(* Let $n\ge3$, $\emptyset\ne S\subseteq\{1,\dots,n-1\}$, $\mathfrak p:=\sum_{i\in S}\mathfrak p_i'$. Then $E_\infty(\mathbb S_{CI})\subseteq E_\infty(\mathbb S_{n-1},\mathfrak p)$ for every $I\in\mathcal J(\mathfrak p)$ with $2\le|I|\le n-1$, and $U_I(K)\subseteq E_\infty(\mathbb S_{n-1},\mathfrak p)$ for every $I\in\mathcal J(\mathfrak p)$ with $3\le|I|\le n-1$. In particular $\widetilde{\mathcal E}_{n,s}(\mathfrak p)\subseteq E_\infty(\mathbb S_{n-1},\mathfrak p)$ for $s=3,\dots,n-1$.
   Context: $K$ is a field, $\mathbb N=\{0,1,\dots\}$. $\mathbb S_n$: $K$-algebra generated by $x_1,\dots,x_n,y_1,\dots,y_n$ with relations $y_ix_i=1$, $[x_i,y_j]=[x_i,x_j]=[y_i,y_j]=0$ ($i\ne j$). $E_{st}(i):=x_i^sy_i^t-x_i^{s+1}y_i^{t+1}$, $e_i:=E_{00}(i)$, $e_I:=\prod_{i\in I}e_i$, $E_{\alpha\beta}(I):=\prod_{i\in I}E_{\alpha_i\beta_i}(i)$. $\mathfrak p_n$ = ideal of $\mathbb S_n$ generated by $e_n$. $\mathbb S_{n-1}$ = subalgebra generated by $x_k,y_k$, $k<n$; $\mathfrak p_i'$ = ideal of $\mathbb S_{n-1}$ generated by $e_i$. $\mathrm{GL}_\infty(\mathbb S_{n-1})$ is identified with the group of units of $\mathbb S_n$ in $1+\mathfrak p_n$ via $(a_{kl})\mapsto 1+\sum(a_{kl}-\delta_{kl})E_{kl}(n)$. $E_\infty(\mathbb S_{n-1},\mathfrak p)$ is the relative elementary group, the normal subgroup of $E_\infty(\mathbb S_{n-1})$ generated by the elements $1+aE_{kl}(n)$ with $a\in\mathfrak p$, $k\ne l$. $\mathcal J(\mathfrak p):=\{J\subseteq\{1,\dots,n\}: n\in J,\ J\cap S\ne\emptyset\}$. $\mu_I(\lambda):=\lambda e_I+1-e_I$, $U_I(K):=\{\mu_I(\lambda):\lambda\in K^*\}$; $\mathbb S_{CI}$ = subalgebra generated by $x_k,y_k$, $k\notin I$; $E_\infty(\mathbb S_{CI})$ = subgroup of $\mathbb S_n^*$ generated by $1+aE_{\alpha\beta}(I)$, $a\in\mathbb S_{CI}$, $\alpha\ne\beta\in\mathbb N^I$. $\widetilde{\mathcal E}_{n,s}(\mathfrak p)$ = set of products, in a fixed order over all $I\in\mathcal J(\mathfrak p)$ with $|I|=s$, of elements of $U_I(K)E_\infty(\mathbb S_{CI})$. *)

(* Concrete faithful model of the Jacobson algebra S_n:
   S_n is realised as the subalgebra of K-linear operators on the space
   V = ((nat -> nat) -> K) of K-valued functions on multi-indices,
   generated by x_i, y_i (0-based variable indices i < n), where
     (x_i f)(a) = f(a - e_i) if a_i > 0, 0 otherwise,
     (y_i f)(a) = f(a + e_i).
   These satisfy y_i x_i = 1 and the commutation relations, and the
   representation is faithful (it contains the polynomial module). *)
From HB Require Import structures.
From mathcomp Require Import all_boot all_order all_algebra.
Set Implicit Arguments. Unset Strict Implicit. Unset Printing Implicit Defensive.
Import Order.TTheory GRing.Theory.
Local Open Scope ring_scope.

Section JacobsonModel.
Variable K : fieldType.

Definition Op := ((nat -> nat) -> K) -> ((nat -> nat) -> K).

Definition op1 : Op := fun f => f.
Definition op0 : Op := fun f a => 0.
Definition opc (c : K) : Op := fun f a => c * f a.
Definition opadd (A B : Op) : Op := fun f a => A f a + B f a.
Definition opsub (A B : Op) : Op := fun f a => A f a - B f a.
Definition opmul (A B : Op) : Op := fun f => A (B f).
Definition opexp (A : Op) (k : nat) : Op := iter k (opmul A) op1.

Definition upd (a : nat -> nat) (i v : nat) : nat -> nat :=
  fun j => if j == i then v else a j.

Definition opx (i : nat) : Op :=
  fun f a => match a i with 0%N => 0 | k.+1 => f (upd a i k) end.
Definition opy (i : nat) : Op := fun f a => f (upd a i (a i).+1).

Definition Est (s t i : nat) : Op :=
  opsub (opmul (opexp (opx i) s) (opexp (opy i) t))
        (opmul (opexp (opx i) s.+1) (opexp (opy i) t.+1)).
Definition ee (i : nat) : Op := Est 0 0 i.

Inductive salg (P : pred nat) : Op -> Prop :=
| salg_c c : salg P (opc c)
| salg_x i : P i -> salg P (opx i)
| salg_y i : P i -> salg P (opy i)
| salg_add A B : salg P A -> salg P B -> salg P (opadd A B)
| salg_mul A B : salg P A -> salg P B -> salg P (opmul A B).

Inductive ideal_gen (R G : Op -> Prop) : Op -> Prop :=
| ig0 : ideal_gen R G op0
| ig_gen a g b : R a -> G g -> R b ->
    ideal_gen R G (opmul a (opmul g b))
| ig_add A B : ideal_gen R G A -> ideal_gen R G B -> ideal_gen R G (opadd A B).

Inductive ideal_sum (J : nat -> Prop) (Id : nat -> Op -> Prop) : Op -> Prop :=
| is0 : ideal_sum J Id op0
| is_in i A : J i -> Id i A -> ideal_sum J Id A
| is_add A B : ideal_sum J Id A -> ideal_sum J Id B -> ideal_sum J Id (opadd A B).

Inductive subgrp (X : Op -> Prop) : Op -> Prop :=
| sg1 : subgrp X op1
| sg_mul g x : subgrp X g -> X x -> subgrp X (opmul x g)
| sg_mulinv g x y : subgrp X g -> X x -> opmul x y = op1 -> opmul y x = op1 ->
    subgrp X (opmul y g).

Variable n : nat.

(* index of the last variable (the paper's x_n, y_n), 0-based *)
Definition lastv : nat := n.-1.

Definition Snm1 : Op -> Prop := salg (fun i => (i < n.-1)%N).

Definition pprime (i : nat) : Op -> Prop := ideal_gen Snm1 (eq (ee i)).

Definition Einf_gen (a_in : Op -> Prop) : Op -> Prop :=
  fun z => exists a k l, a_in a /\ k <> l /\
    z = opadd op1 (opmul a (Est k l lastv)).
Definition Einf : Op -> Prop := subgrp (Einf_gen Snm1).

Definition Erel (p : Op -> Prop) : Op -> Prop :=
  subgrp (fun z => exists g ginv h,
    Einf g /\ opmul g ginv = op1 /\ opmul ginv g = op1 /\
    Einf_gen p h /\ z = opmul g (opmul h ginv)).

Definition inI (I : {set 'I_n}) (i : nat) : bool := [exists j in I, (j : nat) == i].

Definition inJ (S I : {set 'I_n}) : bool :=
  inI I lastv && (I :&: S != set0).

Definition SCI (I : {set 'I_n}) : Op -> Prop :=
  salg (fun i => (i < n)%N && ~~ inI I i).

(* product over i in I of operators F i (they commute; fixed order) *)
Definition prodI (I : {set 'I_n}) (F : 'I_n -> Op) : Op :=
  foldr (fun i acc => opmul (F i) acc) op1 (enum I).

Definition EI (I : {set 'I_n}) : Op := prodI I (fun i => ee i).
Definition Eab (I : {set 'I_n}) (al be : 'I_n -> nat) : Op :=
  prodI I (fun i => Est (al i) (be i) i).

§ **Work request**: Return only the lines between the one holding "-> ideal_sum J Id A" and the one holding "foldr (fun i", inclusive, exactly as they appear above.

§ **Answer section**:
| is_in i A : J i -> Id i A -> ideal_sum J Id A
| is_add A B : ideal_sum J Id A -> ideal_sum J Id B -> ideal_sum J Id (opadd A B).

Inductive subgrp (X : Op -> Prop) : Op -> Prop :=
| sg1 : subgrp X op1
| sg_mul g x : subgrp X g -> X x -> subgrp X (opmul x g)
| sg_mulinv g x y : subgrp X g -> X x -> opmul x y = op1 -> opmul y x = op1 ->
    subgrp X (opmul y g).

Variable n : nat.

(* index of the last variable (the paper's x_n, y_n), 0-based *)
Definition lastv : nat := n.-1.

Definition Snm1 : Op -> Prop := salg (fun i => (i < n.-1)%N).

Definition pprime (i : nat) : Op -> Prop := ideal_gen Snm1 (eq (ee i)).

Definition Einf_gen (a_in : Op -> Prop) : Op -> Prop :=
  fun z => exists a k l, a_in a /\ k <> l /\
    z = opadd op1 (opmul a (Est k l lastv)).
Definition Einf : Op -> Prop := subgrp (Einf_gen Snm1).

Definition Erel (p : Op -> Prop) : Op -> Prop :=
  subgrp (fun z => exists g ginv h,
    Einf g /\ opmul g ginv = op1 /\ opmul ginv g = op1 /\
    Einf_gen p h /\ z = opmul g (opmul h ginv)).

Definition inI (I : {set 'I_n}) (i : nat) : bool := [exists j in I, (j : nat) == i].

Definition inJ (S I : {set 'I_n}) : bool :=
  inI I lastv && (I :&: S != set0).

Definition SCI (I : {set 'I_n}) : Op -> Prop :=
  salg (fun i => (i < n)%N && ~~ inI I i).

(* product over i in I of operators F i (they commute; fixed order) *)
Definition prodI (I : {set 'I_n}) (F : 'I_n -> Op) : Op :=
  foldr (fun i acc => opmul (F i) acc) op1 (enum I).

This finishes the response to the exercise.